The U.S Mint said Thursday it was temporarily suspending sales of American Buffalo 24-karat gold one-ounce bullion coins because strong demand depleted its inventory.

All in, the funds have lost around $1 billion this year, a figure that includes $270 million of personal losses. "It's my toughest run in 10 years," said Mr. Pickens, a former geologist who earned billions by building an oil company and investing in energy. "We missed the turn in the market, there's nothing fun about it."

WEBSITE FOR ARTICLES http://new.goldmau.com/index.php

SOUND FAMILIAR : First, look at the bank crisis in the making.
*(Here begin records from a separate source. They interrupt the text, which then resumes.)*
Lemma eigenvalue_le_tsirelson a : eigenvalue (I_CHSH N) a -> a <= tsirelson.
Proof.
case/eigenvalue_I_CHSH_sqr => [->|/eqP]; first exact: tsirelson_ge0.
rewrite eqf_sqr => /orP[/eqP -> // | /eqP ->].
by rewrite (le_trans _ tsirelson_ge0) // oppr_le0 tsirelson_ge0.
Qed.

End Eigenspace.

Fact idx0_subproof N : (0 < 2 ^ N)%N. Proof. by rewrite expn_gt0. Qed.
Definition idx0 N : 'I_(2 ^ N) := Ordinal (idx0_subproof N).

Lemma qbit_idx0 N (k : 'I_N) : qbit k (idx0 N) = 0%N :> nat.
Proof. by rewrite qbitE bitn0. Qed.

Lemma tail_agree_idx0 N : tail_agree (idx0 N).
Proof. by rewrite /tail_agree /= !bitn0. Qed.

Lemma rev_idx0_neq N : (0 < N)%N -> rev_ord (idx0 N) != idx0 N.
Proof.
move=> hN; rewrite -val_eqE /= subn1 -lt0n -ltnS prednK ?expn_gt0 //.
by rewrite -{1}(expn0 2) ltn_exp2l.
Qed.

Lemma ghzE N (j : 'I_(2 ^ N)) :
  ghz N j 0 = ((j == idx0 N) || (j == rev_ord (idx0 N)))%:R * (sqrtC 2)^-1.
Proof. by rewrite mxE -!val_eqE /= subn1; case: (_ || _); rewrite ?mul1r ?mul0r. Qed.

Lemma ghz_neq0 N : ghz N != 0.
Proof.
apply/eqP => /matrixP /(_ (idx0 N) 0); rewrite ghzE eqxx [RHS]mxE /= mul1r.
by apply/eqP; rewrite invr_eq0 sqrtC2_neq0.
Qed.

Lemma ghz_eigen N : (1 < N)%N -> ((ghz N)^T <= eigenspace (I_CHSH N) tsirelson)%MS.
Proof.
move=> hN; apply/eigenspace_I_CHSHP => // j; rewrite ![(ghz N)^T 0 _]mxE !ghzE.
rewrite (inj_eq rev_ord_inj) eq_rev_ordL orbC.
case: (boolP (tail_agree j)) => hj; first by rewrite mul1r.
rewrite mul0r; case: (eqVneq j (idx0 N)) => [e|_]; first by rewrite e tail_agree_idx0 in hj.
case: (eqVneq j (rev_ord (idx0 N))) => [e|_]; last by rewrite mul0r.
by rewrite e tail_agree_rev // tail_agree_idx0 in hj.
Qed.

Lemma flip_xE N (K : {set 'I_N}) (j i : 'I_(2 ^ N)) :
  flip_x K j i = [forall k, (qbit k j == qbit k i) == (k \notin K)]%:R.
Proof.
rewrite mxE -prod_natb; apply: eq_bigr => k _.
by case: (k \in K); rewrite ?sigma_xE ?mxE //=; case: (qbit k j == qbit k i).
Qed.

Lemma flip_x_rev N (K : {set 'I_N}) (j i : 'I_(2 ^ N)) :
  flip_x K (rev_ord j) (rev_ord i) = flip_x K j i.
Proof. by rewrite !flip_xE; under eq_forallb => k do rewrite eq_qbit_rev. Qed.

Lemma flip_x_revr N (K : {set 'I_N}) (j i : 'I_(2 ^ N)) :
  flip_x K j (rev_ord i) = flip_x K (rev_ord j) i.
Proof. by rewrite -flip_x_rev rev_ordK. Qed.

Definition flip_ghz N (K : {set 'I_N}) : 'rV[algC]_(2 ^ N) := (flip_x K *m ghz N)^T.

Lemma flip_ghzE N (K : {set 'I_N}) j : (0 < N)%N ->
  flip_ghz K 0 j = (flip_x K j (idx0 N) + flip_x K j (rev_ord (idx0 N))) * (sqrtC 2)^-1.
Proof.
move=> hN; rewrite [LHS]mxE [LHS]mxE (bigD1 (idx0 N)) //=.
rewrite (bigD1 (rev_ord (idx0 N))) ?rev_idx0_neq //=.
rewrite big1 => [|i /andP[i0 ir]]; last by rewrite ghzE (negbTE i0) (negbTE ir) mul0r mulr0.
by rewrite !ghzE !eqxx orbT /= !mul1r addr0 mulrDl.
Qed.

Definition head_qubits N : {set 'I_N} := [set k : 'I_N | (k < N - 2)%N].

Lemma flip_x_idx0_tail N (h : (1 < N)%N) (K : {set 'I_N}) (j : 'I_(2 ^ N)) :
  K \subset head_qubits N -> ~~ tail_agree j -> flip_x K j (idx0 N) = 0.
Proof.
move=> hK; apply: contraNeq; rewrite flip_xE pnatr_eq0 eqb0 negbK => /forallP fix_tail.
have fixed (k : 'I_N) : (N - 2 <= k)%N -> qbit k j = 0%N :> nat.
  move=> hk; have /eqP := fix_tail k.
  rewrite (_ : k \notin K) => [/eqP ->|]; first exact: qbit_idx0.
  by apply: contraTN hk => /(subsetP hK); rewrite inE ltnNge.
by rewrite /tail_agree -(qbit_alice h j) -(qbit_bob h j) !fixed //=; lia.
Qed.

Lemma flip_ghz_eigen N (h : (1 < N)%N) (K : {set 'I_N}) :
  K \subset head_qubits N -> (flip_ghz K <= eigenspace (I_CHSH N) tsirelson)%MS.
Proof.
move=> hK; apply/eigenspace_I_CHSHP => // j; rewrite !flip_ghzE ?(ltnW h) //.
rewrite !flip_x_revr rev_ordK.
case: (boolP (tail_agree j)) => hj; first by rewrite mul1r addrC.
rewrite (flip_x_idx0_tail h hK hj) (flip_x_idx0_tail h hK) ?tail_agree_rev //.
by rewrite addr0 !mul0r.
Qed.

Section PairBasis.

Variables (N : nat) (h : (1 < N)%N).

Lemma expn2_tail : (2 ^ N = 4 * 2 ^ (N - 2))%N.
Proof. by rewrite -{1}(subnKC h) expnD. Qed.

Fact tail00_subproof (r : 'I_(2 ^ (N - 2))) : (4 * r < 2 ^ N)%N.
Proof. by rewrite expn2_tail ltn_pmul2l. Qed.

Definition tail00 (r : 'I_(2 ^ (N - 2))) : 'I_(2 ^ N) := Ordinal (tail00_subproof r).

Lemma tail_agree_tail00 r : tail_agree (tail00 r).
Proof. by rewrite /tail_agree /= !bit_mul4. Qed.

Lemma eq_tail00 r r' : (tail00 r == tail00 r') = (r == r').
Proof. by rewrite -!val_eqE /=; lia. Qed.

Lemma tail00_neq_rev r r' : (tail00 r == rev_ord (tail00 r')) = false.
Proof.
apply/negbTE/eqP => /(congr1 (fun i : 'I_(2 ^ N) => bit 0 i)) /=.
by rewrite bit_complement ?bit_mul4 //; [exact: tail00_subproof | lia].
Qed.

Lemma tail00_cover (j : 'I_(2 ^ N)) :
  tail_agree j -> exists r, j = tail00 r \/ j = rev_ord (tail00 r).
Proof.
suff tail00_cover0 (i : 'I_(2 ^ N)) : bit 0 i = 0%N -> tail_agree i -> exists r, i = tail00 r.
  move=> hj; case: (bit 0 j =P 0%N) => [j0 | j1].
    by have [r ->] := tail00_cover0 j j0 hj; exists r; left.
  have rj0 : bit 0 (rev_ord j) = 0%N.
    by rewrite /= bit_complement //; have := bit_le1 0 j; lia.
  have [r er] := tail00_cover0 _ rj0 (etrans (tail_agree_rev j h) hj).
  by exists r; right; rewrite -er rev_ordK.
rewrite /tail_agree => i0 /eqP; rewrite i0 => i1.
have hr : (i %/ 4 < 2 ^ (N - 2))%N by rewrite ltn_divLR // mulnC -expn2_tail.
exists (Ordinal hr); apply: val_inj => /=.
by move: i0 i1; rewrite /bit expn0 expn1 divn1; lia.
Qed.

Definition pair_basis : 'M[algC]_(2 ^ (N - 2), 2 ^ N) :=
  \matrix_(r, j) ((j == tail00 r)%:R + (j == rev_ord (tail00 r))%:R).

Lemma pair_basis_tail (r : 'I_(2 ^ (N - 2))) (j : 'I_(2 ^ N)) :
  ~~ tail_agree j -> pair_basis r j = 0.
Proof.
move=> hj; rewrite mxE; case: (eqVneq j (tail00 r)) => [e|_].
  by rewrite e tail_agree_tail00 in hj.
case: (eqVneq j (rev_ord (tail00 r))) => [e|_]; last by rewrite addr0.
by rewrite e tail_agree_rev // tail_agree_tail00 in hj.
Qed.

Lemma eigenvector_sub_pair_basis (v : 'rV[algC]_(2 ^ N)) :
  (v <= eigenspace (I_CHSH N) tsirelson)%MS -> (v <= pair_basis)%MS.
Proof.
move/(eigenspace_I_CHSHP h) => hv; apply/submxP; exists (\row_r v 0 (tail00 r)).
apply/rowP => j; rewrite !mxE.
case: (boolP (tail_agree j)) => hj; last first.
  by rewrite hv (negbTE hj) mul0r big1 // => r _; rewrite pair_basis_tail ?mulr0.
have [r0 hr0] := tail00_cover hj.
rewrite (bigD1 r0) //= big1 ?addr0 => [|r hr]; rewrite !mxE; case: hr0 => ->.
- by rewrite eqxx tail00_neq_rev addr0 mulr1.
- rewrite eq_rev_ordL tail00_neq_rev eqxx add0r mulr1 hv rev_ordK.
  by rewrite tail_agree_rev // tail_agree_tail00 mul1r.
- by rewrite eq_tail00 tail00_neq_rev eq_sym (negbTE hr) addr0 mulr0.
- by rewrite !eq_rev_ordL rev_ordK tail00_neq_rev eq_tail00 eq_sym (negbTE hr) add0r mulr0.
Qed.

Lemma rank_pair_basis : \rank pair_basis = (2 ^ (N - 2))%N.
Proof.
apply/eqP; rewrite eqn_leq rank_leq_row /=.
pose select_tail00 : 'M[algC]_(2 ^ N, 2 ^ (N - 2)) := \matrix_(j, r) (j == tail00 r)%:R.
have := mxrankM_maxl pair_basis select_tail00.
have -> : pair_basis *m select_tail00 = 1%:M.
  apply/matrixP => r r'; rewrite !mxE (bigD1 (tail00 r')) //= big1 ?addr0 => [|j hj].
    by rewrite !mxE eqxx mulr1 eq_tail00 tail00_neq_rev addr0 eq_sym.
  by rewrite [select_tail00 _ _]mxE (negbTE hj) mulr0.
by rewrite mxrank1.
Qed.

Definition flip_set (r : 'I_(2 ^ (N - 2))) : {set 'I_N} :=
  [set k : 'I_N | qbit k (tail00 r) != 0%N :> nat].

Lemma flip_set_sub r : flip_set r \subset head_qubits N.
Proof.
apply/subsetP => k; rewrite !inE qbitE; apply: contraR; rewrite -leqNgt => hk.
by rewrite bit_mul4 //; have := ltn_ord k; lia.
Qed.

Lemma flip_x_flip_set r (j : 'I_(2 ^ N)) :
  flip_x (flip_set r) j (idx0 N) = (j == tail00 r)%:R.
Proof.
rewrite flip_xE; apply: (congr1 (fun b : bool => b%:R)).
apply/forallP/eqP => [fixed|-> k]; last first.
  by rewrite inE negbK -val_eqE /= qbit_idx0 eqxx.
apply: qbit_inj => k; have := fixed k; rewrite inE negbK -val_eqE /= qbit_idx0.
by case: (qbit k j) (qbit k (tail00 r)) => [[|[|?]] ?] [[|[|?]] ?].
Qed.

Lemma pair_basis_sub_flip_span : (pair_basis <= flip_span N)%MS.
Proof.
apply/row_subP => r; apply: (sumsmx_sup (flip_set r)); first exact: flip_set_sub.
rewrite genmxE (_ : row r pair_basis = sqrtC 2 *: flip_ghz (flip_set r)) ?scalemx_sub //.
apply/rowP => j; rewrite [LHS]mxE [LHS]mxE [RHS]mxE flip_ghzE ?(ltnW h) //.
rewrite flip_x_revr !flip_x_flip_set eq_rev_ordL.
by rewrite mulrCA mulfV ?sqrtC2_neq0 // mulr1.
Qed.

End PairBasis.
Despite a government fix-up job in 1998 and 1999, Japan's banks are still larded with old nonperforming loans just as the economy slows down again, only two years after a recession.
http://www.businessweek.com/2001/01_05/b3717163.htm YEAR 2001 !!
Perversely, the banks are creating the conditions for a market panic. One by one, they're unloading shares from the stock portfolios they have hoarded for years. Why? They need money,

As I am not sure there is anything that can be done.....it's just to big.

list of 2008 bANK fAILURES! http://www.fdic.gov/bank/historical/bank/index.html listed by month
indy mac bank
Fannie
Freddie
AGI
Bear Sterns
COuntry wide
Lehman Bros
Merryl Lynch
Wash Mutual (largest Bank failure EVER!)
Hedge Funds liquidating http://www.hedgeco.net/news/category/closing-hedge-funds/
Money market troubleshttp://www.sfgate.com/cgi-bin/article.cgi?f=/n/a/2008/09/23/financial/f123622D71.DTL
HOME FORECLOSURES http://www.sfgate.com/cgi-bin/article.cgi?f=/c/a/2008/09/25/BUBL134FO3.DTL and how Indy MAc mortgage holders were treated
$700B Bailout effort (largest in history)
Credit Card debt surging
No savings
Home Values declining
Banks not lending
Wall Street forever changed
BEAR MARKET

SO...how's your day going?

D

2 comments:

Jason said...

The Fed has 1 trillion dollars in US securities from their bank members on hand earning 6%. As you know the share holders get 6% as a dividend from the US although we pay 0.13% for a 30 day note holder.

nomedals.blogspot.com

Anonymous said...

Well, they have spent a lot of their holdings already on foul assets....semms like a bottomless pit. yup we get pitiful return (but do get RETURN) how we stoke bond bubble....when iT bursts int rates will defy logic.

This is FEDERAL BAILOUT (not FED RESERVE)but think of the credit markets, how and where the money will be created.....well I suspect though anticipated a DEAL will of ANY kind will be seen AT FIRST as good thing....Sunday PM futures will be first place I look and Asian mkts

I will be looking carefully at the quality of any rally...rumor bought...news sold again?

As I do not think Bear is over or this can kill it, I would accept a temp stay of execution....but still find it very dangerous and one tough to play.